The judgment in the O'Keeffe case relates to cases in which there was prior complaint about sexual abuse to the school authority and in which no effective action was taken and children suffered subsequent to this. There is, however, no strict interpretation as to what constitutes a prior complaint. Claimants are not required to come up with a specific type of proof. While the State must be satisfied that, on the balance of probabilities, there was prior complaint, it does not insist on a strict evidential standard in assessing the material put forward by an applicant. A holistic approach and analysis has been taken and that is the basis on which the Government is offering an ex gratiapayment to people who suffered historic sexual abuse. Under the approach agreed by the Government, we have already reached settlements with six other individuals who experienced sexual abuse in school. Payments have been made to each of them.

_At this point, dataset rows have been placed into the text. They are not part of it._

Theorem proposition8p1 (R : realType) (d : nat) (alpha : R)
  (hd : (0 < d)%N) (halpha : d%:R < alpha)
  (t kappa r eta Rad : R)
  (ht : 0 < t) (hkappa : 0 < kappa) (hr : 0 < r)
  (heta : 8 * qexp d alpha * r / t <= eta)
  (hR : Num.max (2 * eta * t / qexp d alpha) (3 * kappa) < Rad) :
  exists T0 : R, forall T : R, T0 < T ->
  forall (xi : ('I_d -> int) -> R), (forall z, 1 <= xi z) ->
  forall x : 'I_d -> R,
    (* (A) *)
    inLT alpha T x -> l1norm x < r ->
    eta <= xiT xi alpha T x -> xiT xi alpha T x < 2 * eta ->
    (* (B) *)
    (forall y, inLT alpha T y -> l1norm y < Rad -> y <> x ->
       xiT xi alpha T y <= eta / 2) ->
    (* (C) *)
    (forall z, inLT alpha T z -> l1norm z < r -> hT xi alpha T z <= t / 8) ->
    (forall z, inLT alpha T z -> hT xi alpha T z <= t ->
       mT xi alpha T z t = mT xi alpha T x t - qexp d alpha * l1norm (fun i => z i - x i) /\
       mT xi alpha T x t - qexp d alpha * l1norm (fun i => z i - x i)
         = xiT xi alpha T x * (t - hT xi alpha T x) - qexp d alpha * l1norm (fun i => z i - x i)) /\
    (forall z, inLT alpha T z -> t < hT xi alpha T z -> mT xi alpha T z t = 0) /\
    (forall z, inLT alpha T z -> z <> x -> mT xi alpha T z t < mT xi alpha T x t).
Proof.
have q_gt0 : 0 < qexp d alpha by rewrite divr_gt0 ?ltr0n // subr_gt0.
have eta_gt0 : 0 < eta.
  by apply: lt_le_trans heta; rewrite divr_gt0 // mulr_gt0 // mulr_gt0.
exists 1 => T T_gt1 xi xi_ge1 x Lx xr xi_x_ge xi_x_lt xi_ball_le hC.
have aT_gt0 : 0 < @aT R d alpha T.
  by rewrite powR_gt0 // divr_gt0 ?ln_gt0 // (lt_trans ltr01).
have t_lt_cap : t < hT_cap R d alpha eta Rad.
  move: hR; rewrite gt_max => /andP[+ _].
  by rewrite /hT_cap ltr_pdivlMr ?mulr_gt0 // ltr_pdivrMr //; lra.
have qx_small : qexp d alpha * l1norm x < eta * t / 8.
  have : qexp d alpha * l1norm x < qexp d alpha * r by rewrite ltr_pM2l.
  by move: heta; rewrite ler_pdivrMr //; lra.
exact: (mT_profile _ _ _ _ _ q_gt0 aT_gt0 xi_ge1 _ _ _ Lx eta_gt0 xi_x_ge xi_x_lt
  xi_ball_le _ ht t_lt_cap qx_small (hC x Lx xr)).
Qed.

I know Ms O'Keeffe disagrees with this approach to a compensation scheme and that her views are heartfelt and expressed only with the wish to advance the case of those who have suffered in our schools. As a State, however, we have a broader obligation. While we have to take the view that seeks to make right some of the wrongs of our past, we also have to take the view that protects our future and protects the resources of the State for investment in the safety of the next generation of children. I believe the Government is taking the proper approach and striking the right balance. I, therefore, do not propose to accept the amendment to the Order of Business as proposed by Senator Daly, although I have given a very comprehensive view on the Government's stance on, and approach to, the matter. Rather than proposing an amendment to the Order of Business, the Senator might put forward the issue as a Commencement debate matter if he seeks further information. I am sure the Minister will come in for that debate.

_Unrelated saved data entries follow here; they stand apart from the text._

(* There is a finitary argumentation framework $\mathcal{F}$ with $\mathit{tfstg2}(\mathcal{F})=\emptyset$, i.e., with no $\mathit{tfstg2}$ extension.
   Context: An argumentation framework (AF) is a pair $\mathcal{F}=(A_{\mathcal{F}},R_{\mathcal{F}})$ with $R_{\mathcal{F}}\subseteq A_{\mathcal{F}}\times A_{\mathcal{F}}$; write $a\rightarrow b$ for $(a,b)\in R_{\mathcal{F}}$. $\mathcal{F}$ is finitary if every argument is attacked by only finitely many arguments. For $S\subseteq A_{\mathcal{F}}$, $\mathcal{F}|_S=(A_{\mathcal{F}}\cap S,R_{\mathcal{F}}\cap(S\times S))$; $S$ is conflict-free if no $a,b\in S$ have $a\rightarrow b$; $S^\oplus=S\cup\{x:\exists y\in S,\ y\rightarrow x\}$; a stage extension is a conflict-free $S$ such that no conflict-free $T$ has $S^\oplus\subsetneq T^\oplus$. $\mathrm{SCC}(a)$ is the set of $b$ with directed attack paths (possibly of length 0) from $a$ to $b$ and from $b$ to $a$. For $X,S\subseteq A_{\mathcal{F}}$, $D_S(X)=\{b\in X:\exists a\in S\setminus X,\ a\rightarrow b\}$. For $S\subseteq A_{\mathcal{F}}$, $a\in A_{\mathcal{F}}$ and ordinals $\alpha$: $C^0_S(a)=\mathrm{SCC}(a)$; $C^{\alpha+1}_S(a)$ = the strongly connected component of $a$ in $\mathcal{F}|_{C^\alpha_S(a)\setminus D_S(C^\alpha_S(a))}$ (empty if $a$ is not in that set); for limit $\lambda$, $C^\lambda_S(a)$ = the strongly connected component of $a$ in $\mathcal{F}|_{\bigcap_{\alpha<\lambda}C^\alpha_S(a)}$. $\alpha_S(a)$ is the least $\alpha$ with $a\notin C^\alpha_S(a)$ or $C^{\alpha+1}_S(a)=C^\alpha_S(a)$. $S\in\mathit{tfstg2}(\mathcal{F})$ iff $S$ is conflict-free and for each $a\in A_{\mathcal{F}}$, either $a\notin C^{\alpha_S(a)}_S(a)$ or $S\cap C^{\alpha_S(a)}_S(a)$ is a stage extension of $\mathcal{F}|_{C^{\alpha_S(a)}_S(a)}$. *)

(* Argumentation frameworks over an ambient carrier type U:
   an AF is a pair (A, R) with A : U -> Prop the set of arguments and
   R : U -> U -> Prop the attack relation, R included in A x A. *)
From Stdlib Require Import List Relations.

Section AF.
Variable U : Type.

Definition subset (X Y : U -> Prop) : Prop := forall x, X x -> Y x.
Definition set_eq (X Y : U -> Prop) : Prop := forall x, X x <-> Y x.
Definition strict_subset (X Y : U -> Prop) : Prop :=
  subset X Y /\ ~ subset Y X.

Definition is_AF (A : U -> Prop) (R : U -> U -> Prop) : Prop :=
  forall a b, R a b -> A a /\ A b.

Definition finitary (A : U -> Prop) (R : U -> U -> Prop) : Prop :=
  forall b, A b -> exists l : list U, forall a, R a b -> In a l.

Definition restrA (A S : U -> Prop) : U -> Prop := fun x => A x /\ S x.
Definition restrR (R : U -> U -> Prop) (S : U -> Prop) : U -> U -> Prop :=
  fun x y => R x y /\ S x /\ S y.

Definition conflict_free (R : U -> U -> Prop) (S : U -> Prop) : Prop :=
  forall a b, S a -> S b -> ~ R a b.

Definition plus (R : U -> U -> Prop) (S : U -> Prop) : U -> Prop :=
  fun x => S x \/ exists y, S y /\ R y x.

Senator Bacik welcomed the commencement of the Fines Act, which we discussed previously. There can now be an attachment of earnings order and other arrangements rather than having people going to prison, which should be welcomed by all. The Senator also called for a debate on penal reform and rightly pointed out that we have had very positive improvements under this Government in that whole area. I do not think we will have time in the next number of weeks but we will try to see whether we can have a debate on that issue.

The cost of child care was raised by a number of Senators. Senator Mooney discussed the high cost for the squeezed middle and he is quite right. Although I agree with him that there has been significant State investment in facilities, I have no intention of having a debate in this House on any of the political parties and their promises or proposals prior to an election. I can assure Senator Mooney of that.